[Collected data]
——————————

(* Let $k\ge1$ and $c\in\mathcal{S}_k^\alpha\setminus\{\mathbf{0}\}$. Then $w_H(c)=q^{sk}-q^{\nu(c)+s(k-1)}$.
   Context: Let $R$ be a finite commutative chain ring with maximal ideal $\langle\gamma\rangle$, nilpotency index $s$ and residue field $R/\langle\gamma\rangle\cong\mathbb{F}_q$. Fix coset representatives $T=\{e_0,\dots,e_{q-1}\}$ with $e_0=0,e_1=1$, ordered $e_0<\dots<e_{q-1}$; each $r\in R$ is uniquely $\sum_{i=0}^{s-1}r_i\gamma^i$, $r_i\in T$; order $R$ by $x>y$ iff $x_i>y_i$ in $T$ for the largest $i$ with $x_i\neq y_i$; list $R=\{\rho_0,\dots,\rho_{q^s-1}\}$ increasingly. $\mathbf{a}^{(m)}$ is the constant vector of length $m$. Define $G_1^\alpha=(\rho_0\ \cdots\ \rho_{q^s-1})$ and, for $k>1$, $G_k^\alpha$ as the $k\times q^{sk}$ matrix of $q^s$ column blocks, the $j$-th having first row $\boldsymbol{\rho_j}^{(q^{s(k-1)})}$ and $G_{k-1}^\alpha$ below. $\mathcal{S}_k^\alpha$ is the $R$-submodule of $R^{q^{sk}}$ generated by the rows of $G_k^\alpha$. $w_H$ is the Hamming weight (number of nonzero coordinates). Valuation: for $x\in R\setminus\{0\}$, $\nu(x)$ is the largest $m$ with $x=\gamma^m\beta$, $\beta$ a unit; $\nu(0)=\infty$; for $x\in R^n$, $\nu(x)=\min_i\nu(x_i)$. *)

From HB Require Import structures.
From mathcomp Require Import all_boot all_order all_algebra.
Set Implicit Arguments. Unset Strict Implicit. Unset Printing Implicit Defensive.
Import Order.TTheory GRing.Theory Num.Theory.
Local Open Scope ring_scope.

——————————

▸ Exercise details
Retype the records above in full. Every word should match.

▸ Answer for the task
(* Let $k\ge1$ and $c\in\mathcal{S}_k^\alpha\setminus\{\mathbf{0}\}$. Then $w_H(c)=q^{sk}-q^{\nu(c)+s(k-1)}$.
   Context: Let $R$ be a finite commutative chain ring with maximal ideal $\langle\gamma\rangle$, nilpotency index $s$ and residue field $R/\langle\gamma\rangle\cong\mathbb{F}_q$. Fix coset representatives $T=\{e_0,\dots,e_{q-1}\}$ with $e_0=0,e_1=1$, ordered $e_0<\dots<e_{q-1}$; each $r\in R$ is uniquely $\sum_{i=0}^{s-1}r_i\gamma^i$, $r_i\in T$; order $R$ by $x>y$ iff $x_i>y_i$ in $T$ for the largest $i$ with $x_i\neq y_i$; list $R=\{\rho_0,\dots,\rho_{q^s-1}\}$ increasingly. $\mathbf{a}^{(m)}$ is the constant vector of length $m$. Define $G_1^\alpha=(\rho_0\ \cdots\ \rho_{q^s-1})$ and, for $k>1$, $G_k^\alpha$ as the $k\times q^{sk}$ matrix of $q^s$ column blocks, the $j$-th having first row $\boldsymbol{\rho_j}^{(q^{s(k-1)})}$ and $G_{k-1}^\alpha$ below. $\mathcal{S}_k^\alpha$ is the $R$-submodule of $R^{q^{sk}}$ generated by the rows of $G_k^\alpha$. $w_H$ is the Hamming weight (number of nonzero coordinates). Valuation: for $x\in R\setminus\{0\}$, $\nu(x)$ is the largest $m$ with $x=\gamma^m\beta$, $\beta$ a unit; $\nu(0)=\infty$; for $x\in R^n$, $\nu(x)=\min_i\nu(x_i)$. *)

From HB Require Import structures.
From mathcomp Require Import all_boot all_order all_algebra.
Set Implicit Arguments. Unset Strict Implicit. Unset Printing Implicit Defensive.
Import Order.TTheory GRing.Theory Num.Theory.
Local Open Scope ring_scope.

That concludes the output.